Lemma pplt_merge : pplt u merge.
Proof.
apply/andP; split.
  apply/andP; split; last exact: subsetDl.
  apply/forall_inP => K uK; apply/exists_inP; have /set0Pn[e eK] := part_neq0 uK.
  exists (merge_class (merge_block e)).
    by rewrite /parts /= merge_partsE imset_f ?merge_block_parts.
  apply/subsetP => j jK; rewrite inE /merge_block.
  by rewrite (pblock_partsE uK jK) (pblock_partsE uK eK).
apply/eqP => u_merge; have /set0Pn[p /setIP[pB pu]] := pointed_part_neq0 uB.
by move: pu; rewrite u_merge /pointed /= inE pB.
Qed.

Lemma pple_merge v C :
  pple u v -> B :&: pointed v = set0 -> C \in parts v -> B :|: B0 \subset C ->
  pple merge v.
Proof.
move=> uv Bv0 vC BB0C; apply/andP; split.
  rewrite /parts /= merge_partsE; apply/forall_inP => _ /imsetP[K KuB ->].
  have /set0Pn[e eK] := part_neq0 (setD1P KuB).2.
  apply/exists_inP; exists (if K == B0 then C else pblock (parts v) e).
    by case: eqP => // _; apply: pblock_parts.
  apply/subsetP => j; rewrite inE => /eqP mbj.
  case: (boolP (j \in B)) => [jB | jNB].
    by rewrite -mbj merge_block_in // eqxx; apply: (subsetP BB0C); rewrite inE jB.
  rewrite merge_block_notin // in mbj; case: (K =P B0) => [KB0 | _].
    by apply: (subsetP BB0C); rewrite !inE -KB0 -mbj mem_pblock_parts orbT.
  apply: (subsetP (pple_sub_pblock uv (setD1P KuB).2 eK)).
  by rewrite -mbj mem_pblock_parts.
apply/subsetP => p pv; have /andP[_ vpu] := uv.
rewrite /pointed /= inE (subsetP vpu) // andbT.
apply/negP => pB; have : p \in B :&: pointed v by rewrite inE pB pv.
by rewrite Bv0 inE.
Qed.

Lemma card_parts_merge : #|parts merge|.+1 = #|parts u|.
Proof.
rewrite /parts /= merge_partsE card_in_imset; first by rewrite [in RHS](cardsD1 B) uB.
move=> K1 K2 K1uB _ eqK; have /set0Pn[e eK1] := part_neq0 (setD1P K1uB).2.
have : e \in merge_class K1 by rewrite inE (merge_block_part K1uB eK1).
by rewrite eqK inE (merge_block_part K1uB eK1) => /eqP.
Qed.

EXERCISE BRIEF >>
From the material above, state how many lines hold the word "move", giving nothing but the number.

EXERCISE ANSWER >>
3